Fortunately, tax payers are further protected by the language on page 526. No loan Steve makes under this program can ever be forgiven.
(3) PROHIBITION ON LOAN FORGIVENESS.—
The principal amount of any obligation issued by an eligible business, State, or municipality under a program described in subsection (b) shall not be reduced through loan forgiveness.
Again I’m really glad that we have some taxpayer protections built in (even though it’s just “printed” money and not “taxpayer” money) …. they must have gotten the “you owe it till the day you die….and then we deduct it from your estate in liquidation” idea from the Student Loan people.
Further, under the provisions of this section, Steve is really getting tough, smacking senior management around for their audacity, daring to ask for a government bail out.
After Steve gives them the money that Jay prints it (it’s not actually taxpayer money), Steve is going to cap their compensation at only $3 million plus 50% of the excess over the record compensation levels of 2019. So, for example, if they made $20 million in 2019, they’d only get paid, and have to scrape by on ,only $11.5 Million in 2020. I guess we all have a crosses to bear….(page 531)
(2) no officer or employee of the eligible business whose total compensation exceeded $3,000,000
in calendar year 2019 may receive during any 12 consecutive months of such period total compensation in excess of the sum of—(A) $3,000,000; and (B) 50 percent of the excess over $3,000,000 of the total compensation received by the officer or employee from the eligible business in calendar year 2019.
There is also a provision that while the funded/acquired business is in the Treasury portfolio that there will be no dividends and/or share buybacks until 12 months after the business is no longer under Steve’s direct supervision. After that, they are free to do whatever the hell they want. In all likelihood we can do this all over again in another decade or so. At least there’s that. (SEC 4003 – page 516)
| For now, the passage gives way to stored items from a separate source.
(* Suppose $L$ is a linear order with a first element such that $L/\!\sim_\omega\;\cong 1$ and $\operatorname{cf}(L)=\omega_1$, and suppose $L$ has a strictly increasing cofinal sequence $\langle x_\alpha:\alpha<\omega_1\rangle$ with $L=\bigcup_{\alpha<\omega_1}[x_\alpha,x_{\alpha+1})$. Then $L$ is isomorphic to a suborder of $U$.
   Context: The countable condensation $\sim_\omega$ on a linear order $L$: $x\sim_\omega y$ iff the closed interval between $x$ and $y$ is countable; $L/\!\sim_\omega\;\cong 1$ means all elements of $L$ are mutually $\sim_\omega$-equivalent. $\operatorname{cf}(L)$ is the least length of a strictly increasing cofinal sequence in $L$. $U$ is the linear order $R^*+\mathbb{Q}+R$, where $R$ is obtained from $\omega_1$ by replacing each $\alpha<\omega_1$ with a point $u_\alpha$ followed by a copy $\mathbb{Q}(\alpha)$ of the rationals (so $u_\alpha<\mathbb{Q}(\alpha)<u_{\alpha+1}$), $R^*$ is the reverse of $R$, and the middle summand is a copy of the rationals. *)

From mathcomp Require Import all_boot all_order all_algebra.
Set Implicit Arguments. Unset Strict Implicit. Unset Printing Implicit Defensive.
Import Order.TTheory GRing.Theory Num.Theory.

Definition strict_linear_order {X : Type} (lt : X -> X -> Prop) : Prop :=
  (forall x, ~ lt x x) /\
  (forall x y z, lt x y -> lt y z -> lt x z) /\
  (forall x y, lt x y \/ x = y \/ lt y x).

Definition le_of {X : Type} (lt : X -> X -> Prop) (x y : X) : Prop :=
  lt x y \/ x = y.

Definition countable_set {X : Type} (A : X -> Prop) : Prop :=
  exists f : X -> nat, forall x y, A x -> A y -> f x = f y -> x = y.

Definition has_first {X : Type} (lt : X -> X -> Prop) : Prop :=
  exists m : X, forall y, le_of lt m y.

Definition closed_between {X : Type} (lt : X -> X -> Prop) (x y z : X) : Prop :=
  (le_of lt x z /\ le_of lt z y) \/ (le_of lt y z /\ le_of lt z x).

Definition sim_omega {X : Type} (lt : X -> X -> Prop) (x y : X) : Prop :=
  countable_set (closed_between lt x y).

(* L / ~_omega is the one-point order: L nonempty and all points equivalent *)
Definition condensation_trivial {X : Type} (lt : X -> X -> Prop) : Prop :=
  (exists x : X, True) /\ forall x y : X, sim_omega lt x y.

Definition is_omega1 {W : Type} (ltW : W -> W -> Prop) : Prop :=
  strict_linear_order ltW /\ well_founded ltW /\
  (forall a : W, countable_set (fun b => ltW b a)) /\
  ~ countable_set (fun _ : W => True).

Definition is_succ {W : Type} (ltW : W -> W -> Prop) (a b : W) : Prop :=
  ltW a b /\ forall c, ltW a c -> le_of ltW b c.

Definition strictly_increasing {I X : Type} (ltI : I -> I -> Prop)
  (lt : X -> X -> Prop) (s : I -> X) : Prop :=
  forall i j, ltI i j -> lt (s i) (s j).

Definition cofinal_seq {I X : Type} (lt : X -> X -> Prop) (s : I -> X) : Prop :=
  forall y : X, exists i : I, le_of lt y (s i).

(* the ordinal beta < omega_1, as the initial segment of W below beta *)
Definition below {W : Type} (ltW : W -> W -> Prop) (beta : W) : Type :=
  { b : W | ltW b beta }.

Definition below_lt {W : Type} (ltW : W -> W -> Prop) (beta : W)
  (i j : below ltW beta) : Prop := ltW (proj1_sig i) (proj1_sig j).

(* cf(L) = omega_1: the least length of a strictly increasing cofinal
   sequence in L is omega_1, i.e. there is one of length omega_1 and none of
   any length beta < omega_1. *)
Definition cf_is_omega1 {W X : Type} (ltW : W -> W -> Prop)
  (lt : X -> X -> Prop) : Prop :=
  (exists s : W -> X, strictly_increasing ltW lt s /\ cofinal_seq lt s) /\
  (forall beta : W, ~ exists s : below ltW beta -> X,
       strictly_increasing (@below_lt W ltW beta) lt s /\ cofinal_seq lt s).

(* ---------- the order U = R^* + Q + R ---------- *)

(* R = omega_1 with each alpha replaced by u_alpha followed by Q(alpha):
   an element is (alpha, None) = u_alpha or (alpha, Some q) = q in Q(alpha). *)
Inductive Ucar (W : Type) : Type :=
| ULeft  : W -> option rat -> Ucar W
| UMid   : rat -> Ucar W
| URight : W -> option rat -> Ucar W.

Definition opt_lt (o o' : option rat) : Prop :=
  match o, o' with
  | None, Some _ => True
  | Some q, Some q' => (q < q')%R
  | _, _ => False
  end.

Definition R_lt {W : Type} (ltW : W -> W -> Prop) (a : W) (o : option rat)
  (a' : W) (o' : option rat) : Prop :=
  ltW a a' \/ (a = a' /\ opt_lt o o').

Definition U_lt {W : Type} (ltW : W -> W -> Prop) (u v : Ucar W) : Prop :=
  match u, v with
  | ULeft a o, ULeft a' o' => R_lt ltW a' o' a o   (* reversed *)
  | ULeft _ _, _ => True
  | UMid q, UMid q' => (q < q')%R
  | UMid _, URight _ _ => True
  | URight a o, URight a' o' => R_lt ltW a o a' o'
  | _, _ => False
  end.

Definition embeds {X Y : Type} (ltX : X -> X -> Prop) (ltY : Y -> Y -> Prop) : Prop :=
  exists f : X -> Y, forall x y, ltX x y <-> ltY (f x) (f y).

From mathcomp Require Import all_boot all_order all_algebra.
From mathcomp Require Import boolp.
From Stdlib Require Import ClassicalEpsilon.
Set Implicit Arguments. Unset Strict Implicit. Unset Printing Implicit Defensive.
Import Order.TTheory GRing.Theory Num.Theory.

(* Each block [[x_a, x_(a+1))] lies in the closed interval [[x_a, x_(a+1)]],
   which is countable because all points of [L] are [~_omega]-equivalent.
   A countable linear order embeds in [Q] greedily: enumerate it and give
   each new point a rational in the gap cut out by the finitely many points
   already placed, which exists since [Q] is dense without endpoints.
   Sending the block of [x_a] into the copy [Q(a)] of [R] gives an embedding
   into [U], because the blocks are ordered as their indices in [omega_1]. *)

Local Open Scope ring_scope.

Section DenseBounds.
Variable R : realFieldType.
Implicit Types (a q : R) (s lo hi : seq R).

Lemma exists_below_seq s : exists q, {in s, forall b, q < b}.
Proof.
elim: s => [|b s [q Hq]]; first by exists 0.
exists (Num.min q (b - 1)) => c; rewrite in_cons => /predU1P[->|/Hq qc].
  by rewrite gt_min ltrBlDr ltrDl ltr01 orbT.
by rewrite gt_min qc.
Qed.

Lemma exists_between_point_seq a hi :
  {in hi, forall b, a < b} -> exists q, a < q /\ {in hi, forall b, q < b}.
Proof.
elim: hi => [|b hi IH] ahi; first by exists (a + 1); rewrite ltrDl ltr01.
have [|q [aq Hq]] := IH; first by move=> c hic; apply: ahi; rewrite in_cons hic orbT.
have [ab _] := midf_lt (ahi b (mem_head b hi)).
exists (Num.min q ((a + b) / 2)); rewrite lt_min aq ab; split=> // c.
rewrite in_cons => /predU1P[->|/Hq qc]; last by rewrite gt_min qc.
by rewrite gt_min (midf_lt (ahi b (mem_head b hi))).2 orbT.
Qed.

Lemma exists_between_seq lo hi :
  {in lo & hi, forall a b, a < b} ->
  exists q, {in lo, forall a, a < q} /\ {in hi, forall b, q < b}.
Proof.
elim: lo => [|a lo IH] lohi.
  by have [q Hq] := exists_below_seq hi; exists q.
have [|q [Hlo Hhi]] := IH; first by move=> c d cl; apply: lohi; rewrite in_cons cl orbT.
have [aq|qa] := ltP a q.
  by exists q; split=> // c; rewrite in_cons => /predU1P[->|/Hlo].
have [|r [ar Hr]] := exists_between_point_seq (a := a) (hi := hi).
  by move=> b hib; apply: lohi => //; apply: mem_head.
exists r; split=> // c; rewrite in_cons => /predU1P[->//|/Hlo cq].
by apply: lt_trans ar; apply: lt_le_trans cq qa.
Qed.

End DenseBounds.

Lemma countable_set_sub (X : Type) (A B : X -> Prop) :
  (forall y, A y -> B y) -> countable_set B -> countable_set A.
Proof. by move=> AB [f finj]; exists f => y z Ay Az; apply: finj; apply: AB. Qed.

Section CountableEmbedding.
Variables (X : Type) (lt : X -> X -> Prop) (A : X -> Prop) (f : X -> nat).
Hypotheses (lt_linear : strict_linear_order lt)
  (f_inj : forall y z, A y -> A z -> f y = f z -> y = z).

Definition index_lt (i j : nat) : Prop :=
  exists y z, [/\ A y, A z, f y = i, f z = j & lt y z].

Lemma index_lt_irrefl i : ~ index_lt i i.
Proof.
case: lt_linear => irr _ [y [z [Ay Az fy fz yz]]].
have yEz : y = z by apply: f_inj; rewrite // fy fz.
by subst z; apply: irr yz.
Qed.

Lemma index_lt_trans i j k : index_lt i j -> index_lt j k -> index_lt i k.
Proof.
case: lt_linear => _ [tr _] [y [z [Ay Az fy fz yz]]] [z' [w [Az' Aw fz' fw zw]]].
have zEz' : z = z' by apply: f_inj; rewrite // fz fz'.
by subst z'; exists y, w; split=> //; apply: tr _ _ _ yz zw.
Qed.

Definition index_monotone (s : seq rat) : Prop :=
  forall i j, (i < size s)%N -> (j < size s)%N -> index_lt i j -> s`_i < s`_j.

(* [size s] is the index that receives the new value [q]. *)
Definition fits (s : seq rat) (q : rat) : Prop :=
  forall i, (i < size s)%N ->
    (index_lt i (size s) -> s`_i < q) /\ (index_lt (size s) i -> q < s`_i).

Lemma fits_exists s : index_monotone s -> exists q, fits s q.
Proof.
move=> smono; set n := size s.
pose side P := [seq s`_i | i <- iota 0 n & `[< P i >]].
have side_mem P i : (i < n)%N -> P i -> s`_i \in side P.
  move=> ilt Pi; apply: map_f.
  by rewrite mem_filter mem_iota ilt; apply/andP; split=> //; apply/asboolP.
have [|q [Hlo Hhi]] :=
  exists_between_seq (lo := side (index_lt^~ n)) (hi := side (index_lt n)).
  move=> _ _ /mapP[i + ->] /mapP[j + ->].
  rewrite !mem_filter !mem_iota /= => /andP[/asboolP iln ilt] /andP[/asboolP nj jlt].
  by apply: smono => //; apply: index_lt_trans iln nj.
by exists q => i ilt; split=> H; [apply: Hlo | apply: Hhi]; apply: side_mem.
Qed.

Definition greedy_next (s : seq rat) : rat := epsilon (inhabits 0) (fits s).

Fixpoint greedy_prefix (n : nat) : seq rat :=
  if n is k.+1 then rcons (greedy_prefix k) (greedy_next (greedy_prefix k))
  else [::].

Definition greedy_value (i : nat) : rat := greedy_next (greedy_prefix i).

Lemma size_greedy_prefix n : size (greedy_prefix n) = n.
Proof. by elim: n => //= n IH; rewrite size_rcons IH. Qed.

Lemma nth_greedy_prefix n i : (i < n)%N -> (greedy_prefix n)`_i = greedy_value i.
Proof.
elim: n => // n IH; rewrite ltnS leq_eqVlt => /predU1P[->|ilt] /=;
  by rewrite nth_rcons size_greedy_prefix ?ltnn ?eqxx ?ilt ?IH.
Qed.

Lemma greedy_value_fits n :
  (forall i j, (i < n)%N -> (j < n)%N -> index_lt i j ->
     greedy_value i < greedy_value j) ->
  forall i, (i < n)%N ->
    (index_lt i n -> greedy_value i < greedy_value n) /\
    (index_lt n i -> greedy_value n < greedy_value i).
Proof.
move=> mono; have: fits (greedy_prefix n) (greedy_value n).
  apply: epsilon_spec; apply: fits_exists => i j.
  rewrite size_greedy_prefix => ilt jlt ij.
  by rewrite !nth_greedy_prefix //; apply: mono.
rewrite /fits size_greedy_prefix => fitn i ilt.
by rewrite -(nth_greedy_prefix ilt); apply: fitn.
Qed.

Lemma greedy_value_monotone_below n i j :
  (i < n)%N -> (j < n)%N -> index_lt i j -> greedy_value i < greedy_value j.
Proof.
elim: n i j => // n IH i j; have fitn := greedy_value_fits IH.
rewrite ltnS leq_eqVlt => /predU1P[->|ilt]; rewrite ltnS leq_eqVlt => /predU1P[->|jlt] ij.
- by case: (index_lt_irrefl ij).
- exact: (fitn j jlt).2.
- exact: (fitn i ilt).1.
- exact: IH.
Qed.

Lemma greedy_value_monotone y z :
  A y -> A z -> lt y z -> greedy_value (f y) < greedy_value (f z).
Proof.
move=> Ay Az yz; apply: (@greedy_value_monotone_below (maxn (f y) (f z)).+1).
- by rewrite ltnS leq_maxl.
- by rewrite ltnS leq_maxr.
- by exists y, z.
Qed.

End CountableEmbedding.

Lemma countable_embeds_rat (X : Type) (lt : X -> X -> Prop) (A : X -> Prop) :
  strict_linear_order lt -> countable_set A ->
  exists g : X -> rat, forall y z, A y -> A z -> lt y z -> g y < g z.
Proof.
move=> lt_linear [f finj].
by exists (fun y => greedy_value lt A f (f y)); apply: greedy_value_monotone.
Qed.

Lemma embeds_of_countable_blocks (W : Type) (ltW : W -> W -> Prop)
  (L : Type) (ltL : L -> L -> Prop) (blk : L -> W) :
  strict_linear_order ltW -> strict_linear_order ltL ->
  (forall y z, ltW (blk y) (blk z) -> ltL y z) ->
  (forall a, countable_set (fun y => blk y = a)) ->
  embeds ltL (U_lt ltW).
Proof.
move=> [_ [_ triW]] ltL_linear blk_mono blk_count.
have [irr [tr tri]] := ltL_linear.
have [g gmono] : {g : W -> L -> rat & forall a y z,
    blk y = a -> blk z = a -> ltL y z -> g a y < g a z}.
  apply: (@boolp.choice _ _ (fun a (g : L -> rat) =>
    forall y z, blk y = a -> blk z = a -> ltL y z -> g y < g z)) => a.
  exact: countable_embeds_rat.
exists (fun y => URight (blk y) (Some (g (blk y) y))) => y z /=; rewrite /R_lt /=.
split=> [yz|[/blk_mono//|[bE gyz]]]; last first.
  have [//|[yEz|zy]] := tri y z; first by subst z; rewrite ltxx in gyz.
  by rewrite bE in gyz; have := lt_trans gyz (gmono _ _ _ erefl bE zy); rewrite ltxx.
have [byz|[bE|bzy]] := triW (blk y) (blk z); first by left.
  by right; split=> //; rewrite bE; apply: gmono.
by case: (irr _ (tr _ _ _ yz (blk_mono _ _ bzy))).
Qed.

Lemma is_succ_unique (W : Type) (ltW : W -> W -> Prop) a b b' :
  strict_linear_order ltW -> is_succ ltW a b -> is_succ ltW a b' -> b = b'.
Proof.
move=> [irr [tr _]] [ab bmin] [ab' b'min].
case: (bmin b' ab') => [bb'|//]; case: (b'min b ab) => [b'b|//].
by case: (irr _ (tr _ _ _ bb' b'b)).
Qed.

Lemma lt_le_of_trans (X : Type) (lt : X -> X -> Prop) u v w :
  strict_linear_order lt -> lt u v -> le_of lt v w -> lt u w.
Proof. by move=> [_ [tr _]] uv [vw|<-] //; apply: tr _ _ _ uv vw. Qed.

Lemma le_of_strictly_increasing (I X : Type) (ltI : I -> I -> Prop)
  (lt : X -> X -> Prop) (s : I -> X) i j :
  strictly_increasing ltI lt s -> le_of ltI i j -> le_of lt (s i) (s j).
Proof. by move=> s_incr [ij|<-]; [left; apply: s_incr | right]. Qed.

Section SuccessorBlocks.
Variables (W : Type) (ltW : W -> W -> Prop) (L : Type) (ltL : L -> L -> Prop).
Variables (x : W -> L) (blk : L -> W).
Hypotheses (ltW_linear : strict_linear_order ltW) (ltL_linear : strict_linear_order ltL)
  (x_incr : strictly_increasing ltW ltL x)
  (blkP : forall y, exists b,
      is_succ ltW (blk y) b /\ le_of ltL (x (blk y)) y /\ ltL y (x b)).

Lemma blk_mono y z : ltW (blk y) (blk z) -> ltL y z.
Proof.
have [b [[_ bmin] [_ ylt]]] := blkP y; have [_ [_ [xz _]]] := blkP z.
move=> /bmin /(le_of_strictly_increasing x_incr) xb.
exact: lt_le_of_trans ltL_linear (lt_le_of_trans ltL_linear ylt xb) xz.
Qed.

Lemma blk_countable :
  (forall u v, sim_omega ltL u v) -> forall a, countable_set (fun y => blk y = a).
Proof.
move=> cond a; have [[y0 y0a]|nofib] := classic (exists y0, blk y0 = a); last first.
  by exists (fun=> 0%N) => y z ya; case: nofib; exists y.
have [b [ab _]] := blkP y0; rewrite y0a in ab.
apply: (countable_set_sub _ (cond (x a) (x b))) => y ya; left.
have [b' [ab' [ay yb']]] := blkP y; rewrite ya in ab' ay.
by rewrite (is_succ_unique ltW_linear ab ab'); split=> //; left.
Qed.

End SuccessorBlocks.

Theorem proposition3p12
  (W : Type) (ltW : W -> W -> Prop) (HW : is_omega1 ltW)
  (L : Type) (ltL : L -> L -> Prop) (HL : strict_linear_order ltL)
  (Hfirst : has_first ltL)
  (Hcond : condensation_trivial ltL)
  (Hcf : cf_is_omega1 ltW ltL)
  (x : W -> L)
  (Hx_incr : strictly_increasing ltW ltL x)
  (Hx_cof : cofinal_seq ltL x)
  (Hx_union : forall y : L, exists a b : W,
      is_succ ltW a b /\ le_of ltL (x a) y /\ ltL y (x b)) :
  embeds ltL (U_lt ltW).
Proof.
have ltW_linear := HW.1.
have [blk blkP] := boolp.choice Hx_union.
apply: (embeds_of_countable_blocks (blk := blk)) => //.
- exact: blk_mono blkP.
- exact: blk_countable blkP Hcond.2.
Qed.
SEC. 4026. REPORTS – (pg 579) Provides the following regarding Steve’s favorite companies. I have to say that I found this section oddly placed in a completely different section of the Act, some 60 pages later….must have been some sort of mix up. After all, they really threw this mess together in a hurry:
…..72 hours after any transaction by the Secretary under paragraph (1), (2), or (3) of section 4003(b), the Secretary shall publish on the website of the Department of
the Treasury (1) a plain-language description of the transaction, including the date of application, date of application approval, and identity of the counterparty; (2) the amount of the loan or loan guarantee; (3) the interest rate, conditions, and any other material or financial terms associated with the transaction, if applicable; and (4) a copy of the relevant and final term sheet, if applicable, and contract or other relevant documentation regarding the transaction.
What they are saying here is that 72 hours should be more than enough time to allow all of the company insiders, government officials, Lobbyists, Senators, Congressmen and Executive branch folks (through their off shore, family office accounts) to get in on the right side of the trade before the information actually becomes public.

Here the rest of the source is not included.